**Task**
Please repeat the lines below exactly. Begin with the line containing "exists t, bdry_prod (a, d)" and go on through the line containing "set (s := t - (a + b) / 2).".

**Source information**
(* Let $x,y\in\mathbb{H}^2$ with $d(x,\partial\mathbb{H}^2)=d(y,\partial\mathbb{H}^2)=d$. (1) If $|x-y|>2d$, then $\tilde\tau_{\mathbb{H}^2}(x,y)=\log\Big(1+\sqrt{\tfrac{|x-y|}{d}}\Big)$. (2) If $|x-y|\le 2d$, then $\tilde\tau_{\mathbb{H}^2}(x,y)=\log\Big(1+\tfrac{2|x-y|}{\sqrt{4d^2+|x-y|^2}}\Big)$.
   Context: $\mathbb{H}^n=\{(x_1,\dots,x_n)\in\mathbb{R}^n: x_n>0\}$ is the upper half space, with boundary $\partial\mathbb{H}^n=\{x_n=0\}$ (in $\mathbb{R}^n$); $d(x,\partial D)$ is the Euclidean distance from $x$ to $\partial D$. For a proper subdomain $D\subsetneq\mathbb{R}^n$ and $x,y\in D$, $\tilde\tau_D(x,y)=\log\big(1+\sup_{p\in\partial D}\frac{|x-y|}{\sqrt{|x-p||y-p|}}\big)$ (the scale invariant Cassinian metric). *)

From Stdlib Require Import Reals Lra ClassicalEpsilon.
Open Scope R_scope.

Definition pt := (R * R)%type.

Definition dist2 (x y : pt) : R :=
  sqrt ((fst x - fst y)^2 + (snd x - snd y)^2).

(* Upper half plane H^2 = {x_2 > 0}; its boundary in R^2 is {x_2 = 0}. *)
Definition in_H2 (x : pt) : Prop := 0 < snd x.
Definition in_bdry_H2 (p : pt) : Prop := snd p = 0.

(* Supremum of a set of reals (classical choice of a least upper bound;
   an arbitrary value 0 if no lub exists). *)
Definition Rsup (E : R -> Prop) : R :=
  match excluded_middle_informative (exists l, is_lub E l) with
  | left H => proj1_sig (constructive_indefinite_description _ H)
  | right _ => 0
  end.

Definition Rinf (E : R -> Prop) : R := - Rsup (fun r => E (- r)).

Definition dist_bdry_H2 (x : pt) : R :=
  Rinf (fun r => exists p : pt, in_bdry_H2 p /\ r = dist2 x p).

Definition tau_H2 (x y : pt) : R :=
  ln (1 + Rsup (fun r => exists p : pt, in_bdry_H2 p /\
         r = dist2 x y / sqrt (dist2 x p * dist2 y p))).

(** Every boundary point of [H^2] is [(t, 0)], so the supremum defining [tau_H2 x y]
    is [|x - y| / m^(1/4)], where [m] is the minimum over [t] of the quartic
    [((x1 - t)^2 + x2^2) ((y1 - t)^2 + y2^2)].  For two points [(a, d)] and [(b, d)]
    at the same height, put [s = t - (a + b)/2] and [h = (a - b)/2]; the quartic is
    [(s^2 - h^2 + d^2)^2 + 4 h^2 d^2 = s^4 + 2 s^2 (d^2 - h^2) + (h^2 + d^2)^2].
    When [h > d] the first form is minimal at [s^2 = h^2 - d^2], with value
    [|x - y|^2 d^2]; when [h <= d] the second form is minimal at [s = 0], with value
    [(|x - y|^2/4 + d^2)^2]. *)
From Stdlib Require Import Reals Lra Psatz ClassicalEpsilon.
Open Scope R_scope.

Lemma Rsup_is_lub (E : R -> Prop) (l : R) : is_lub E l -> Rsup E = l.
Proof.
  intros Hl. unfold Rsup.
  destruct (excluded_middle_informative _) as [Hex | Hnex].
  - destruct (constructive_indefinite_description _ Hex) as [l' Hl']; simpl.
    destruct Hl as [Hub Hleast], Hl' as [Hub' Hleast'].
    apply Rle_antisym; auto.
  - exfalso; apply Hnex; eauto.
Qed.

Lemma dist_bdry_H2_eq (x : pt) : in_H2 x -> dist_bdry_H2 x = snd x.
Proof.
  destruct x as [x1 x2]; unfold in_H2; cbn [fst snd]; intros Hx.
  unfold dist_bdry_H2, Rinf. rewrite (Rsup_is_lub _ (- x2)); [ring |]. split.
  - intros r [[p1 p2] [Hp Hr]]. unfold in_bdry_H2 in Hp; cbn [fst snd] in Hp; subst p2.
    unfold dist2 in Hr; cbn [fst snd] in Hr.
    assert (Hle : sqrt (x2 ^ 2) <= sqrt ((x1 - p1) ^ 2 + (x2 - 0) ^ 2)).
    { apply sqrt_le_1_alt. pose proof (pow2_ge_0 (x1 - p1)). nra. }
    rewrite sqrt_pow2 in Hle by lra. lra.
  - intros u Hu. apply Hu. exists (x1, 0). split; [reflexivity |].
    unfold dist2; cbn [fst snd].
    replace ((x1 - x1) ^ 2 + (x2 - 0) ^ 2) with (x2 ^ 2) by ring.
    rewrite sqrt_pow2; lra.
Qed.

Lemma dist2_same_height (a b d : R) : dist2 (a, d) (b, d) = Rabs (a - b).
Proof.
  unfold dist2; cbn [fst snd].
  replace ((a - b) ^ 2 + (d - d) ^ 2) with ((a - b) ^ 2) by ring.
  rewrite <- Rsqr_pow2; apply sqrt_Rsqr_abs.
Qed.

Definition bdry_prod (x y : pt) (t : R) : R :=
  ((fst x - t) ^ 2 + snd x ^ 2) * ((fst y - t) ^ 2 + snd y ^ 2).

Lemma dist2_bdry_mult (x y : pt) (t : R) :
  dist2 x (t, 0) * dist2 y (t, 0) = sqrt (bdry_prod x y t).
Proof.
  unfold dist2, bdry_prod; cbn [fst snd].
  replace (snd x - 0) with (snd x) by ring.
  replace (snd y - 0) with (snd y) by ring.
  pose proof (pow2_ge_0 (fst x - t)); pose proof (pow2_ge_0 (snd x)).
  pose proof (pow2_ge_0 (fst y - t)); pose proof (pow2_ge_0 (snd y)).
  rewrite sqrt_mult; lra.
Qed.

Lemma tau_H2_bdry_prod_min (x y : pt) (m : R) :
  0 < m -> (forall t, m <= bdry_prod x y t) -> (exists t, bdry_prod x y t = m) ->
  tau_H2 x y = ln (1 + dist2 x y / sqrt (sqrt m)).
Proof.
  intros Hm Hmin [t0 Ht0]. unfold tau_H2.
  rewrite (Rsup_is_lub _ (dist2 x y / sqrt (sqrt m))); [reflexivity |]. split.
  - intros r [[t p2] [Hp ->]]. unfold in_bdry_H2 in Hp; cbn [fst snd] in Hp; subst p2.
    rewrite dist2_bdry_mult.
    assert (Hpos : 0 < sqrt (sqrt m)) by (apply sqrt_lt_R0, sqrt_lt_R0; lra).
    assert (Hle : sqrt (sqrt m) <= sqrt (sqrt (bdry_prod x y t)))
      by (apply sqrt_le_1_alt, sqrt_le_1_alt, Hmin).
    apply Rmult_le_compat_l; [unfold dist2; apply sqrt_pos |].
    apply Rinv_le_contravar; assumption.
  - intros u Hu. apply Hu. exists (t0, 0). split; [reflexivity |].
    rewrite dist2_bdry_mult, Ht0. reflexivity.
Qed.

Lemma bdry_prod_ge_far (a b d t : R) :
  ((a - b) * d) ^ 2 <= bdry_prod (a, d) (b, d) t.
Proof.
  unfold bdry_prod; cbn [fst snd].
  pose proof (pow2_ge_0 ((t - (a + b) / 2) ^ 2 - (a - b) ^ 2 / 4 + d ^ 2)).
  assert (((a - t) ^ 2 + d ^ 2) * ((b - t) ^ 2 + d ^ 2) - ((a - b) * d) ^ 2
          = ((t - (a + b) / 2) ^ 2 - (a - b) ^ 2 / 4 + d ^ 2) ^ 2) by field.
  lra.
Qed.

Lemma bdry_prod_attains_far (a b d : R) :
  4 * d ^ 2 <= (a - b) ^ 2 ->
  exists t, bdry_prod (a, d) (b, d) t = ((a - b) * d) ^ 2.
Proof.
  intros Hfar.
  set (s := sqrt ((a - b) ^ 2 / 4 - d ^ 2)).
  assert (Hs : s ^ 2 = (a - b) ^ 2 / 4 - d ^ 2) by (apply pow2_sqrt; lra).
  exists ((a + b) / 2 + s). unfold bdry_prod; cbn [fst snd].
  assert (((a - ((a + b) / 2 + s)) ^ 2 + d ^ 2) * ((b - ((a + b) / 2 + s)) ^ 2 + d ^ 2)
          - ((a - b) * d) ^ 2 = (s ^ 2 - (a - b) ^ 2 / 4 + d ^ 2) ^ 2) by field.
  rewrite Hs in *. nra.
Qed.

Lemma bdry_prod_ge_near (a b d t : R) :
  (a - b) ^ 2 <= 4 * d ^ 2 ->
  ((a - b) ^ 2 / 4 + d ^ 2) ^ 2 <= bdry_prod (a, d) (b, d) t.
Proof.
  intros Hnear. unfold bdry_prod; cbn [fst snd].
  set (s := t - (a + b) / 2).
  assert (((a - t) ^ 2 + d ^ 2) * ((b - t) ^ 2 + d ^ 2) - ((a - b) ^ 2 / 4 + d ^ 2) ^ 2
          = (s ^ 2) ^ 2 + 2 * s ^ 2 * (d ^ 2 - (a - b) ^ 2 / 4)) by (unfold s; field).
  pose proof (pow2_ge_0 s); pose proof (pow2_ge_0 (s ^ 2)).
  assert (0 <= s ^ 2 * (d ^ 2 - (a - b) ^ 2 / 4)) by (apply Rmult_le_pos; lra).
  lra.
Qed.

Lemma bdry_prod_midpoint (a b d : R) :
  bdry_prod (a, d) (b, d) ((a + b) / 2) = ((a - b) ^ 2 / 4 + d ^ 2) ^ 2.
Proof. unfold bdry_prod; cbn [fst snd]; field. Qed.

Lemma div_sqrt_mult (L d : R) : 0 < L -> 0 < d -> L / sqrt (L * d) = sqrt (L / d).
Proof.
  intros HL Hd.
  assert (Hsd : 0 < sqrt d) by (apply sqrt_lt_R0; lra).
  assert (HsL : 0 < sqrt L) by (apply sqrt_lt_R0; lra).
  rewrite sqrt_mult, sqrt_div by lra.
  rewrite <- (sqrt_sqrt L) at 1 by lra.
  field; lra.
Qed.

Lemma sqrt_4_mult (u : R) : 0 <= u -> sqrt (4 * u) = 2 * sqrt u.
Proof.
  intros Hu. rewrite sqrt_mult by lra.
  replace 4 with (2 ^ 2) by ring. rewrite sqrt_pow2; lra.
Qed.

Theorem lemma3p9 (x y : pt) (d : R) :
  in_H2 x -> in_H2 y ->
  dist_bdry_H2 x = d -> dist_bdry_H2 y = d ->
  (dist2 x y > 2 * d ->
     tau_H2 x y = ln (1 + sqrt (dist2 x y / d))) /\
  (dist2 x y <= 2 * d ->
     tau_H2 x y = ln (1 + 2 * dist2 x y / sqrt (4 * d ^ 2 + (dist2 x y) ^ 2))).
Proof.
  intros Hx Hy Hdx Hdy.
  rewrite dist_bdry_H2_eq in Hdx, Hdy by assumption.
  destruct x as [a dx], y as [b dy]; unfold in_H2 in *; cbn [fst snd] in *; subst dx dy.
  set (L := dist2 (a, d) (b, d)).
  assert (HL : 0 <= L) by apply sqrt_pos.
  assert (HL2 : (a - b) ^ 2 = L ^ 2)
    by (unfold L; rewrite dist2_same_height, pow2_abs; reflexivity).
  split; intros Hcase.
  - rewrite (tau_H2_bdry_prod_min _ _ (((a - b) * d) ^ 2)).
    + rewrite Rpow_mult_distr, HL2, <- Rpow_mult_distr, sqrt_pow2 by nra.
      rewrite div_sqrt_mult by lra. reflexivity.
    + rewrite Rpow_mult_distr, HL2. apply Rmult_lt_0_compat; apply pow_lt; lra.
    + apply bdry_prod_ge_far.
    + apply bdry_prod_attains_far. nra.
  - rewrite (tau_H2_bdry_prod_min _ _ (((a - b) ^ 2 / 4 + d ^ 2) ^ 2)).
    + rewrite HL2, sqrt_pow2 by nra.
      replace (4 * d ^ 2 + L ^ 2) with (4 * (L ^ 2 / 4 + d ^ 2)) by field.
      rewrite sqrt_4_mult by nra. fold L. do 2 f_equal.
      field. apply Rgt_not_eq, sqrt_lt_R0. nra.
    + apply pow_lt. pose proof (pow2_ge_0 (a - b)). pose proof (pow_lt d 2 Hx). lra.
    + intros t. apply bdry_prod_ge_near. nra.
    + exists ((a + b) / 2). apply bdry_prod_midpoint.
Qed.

**Completed task**
  exists t, bdry_prod (a, d) (b, d) t = ((a - b) * d) ^ 2.
Proof.
  intros Hfar.
  set (s := sqrt ((a - b) ^ 2 / 4 - d ^ 2)).
  assert (Hs : s ^ 2 = (a - b) ^ 2 / 4 - d ^ 2) by (apply pow2_sqrt; lra).
  exists ((a + b) / 2 + s). unfold bdry_prod; cbn [fst snd].
  assert (((a - ((a + b) / 2 + s)) ^ 2 + d ^ 2) * ((b - ((a + b) / 2 + s)) ^ 2 + d ^ 2)
          - ((a - b) * d) ^ 2 = (s ^ 2 - (a - b) ^ 2 / 4 + d ^ 2) ^ 2) by field.
  rewrite Hs in *. nra.
Qed.

Lemma bdry_prod_ge_near (a b d t : R) :
  (a - b) ^ 2 <= 4 * d ^ 2 ->
  ((a - b) ^ 2 / 4 + d ^ 2) ^ 2 <= bdry_prod (a, d) (b, d) t.
Proof.
  intros Hnear. unfold bdry_prod; cbn [fst snd].
  set (s := t - (a + b) / 2).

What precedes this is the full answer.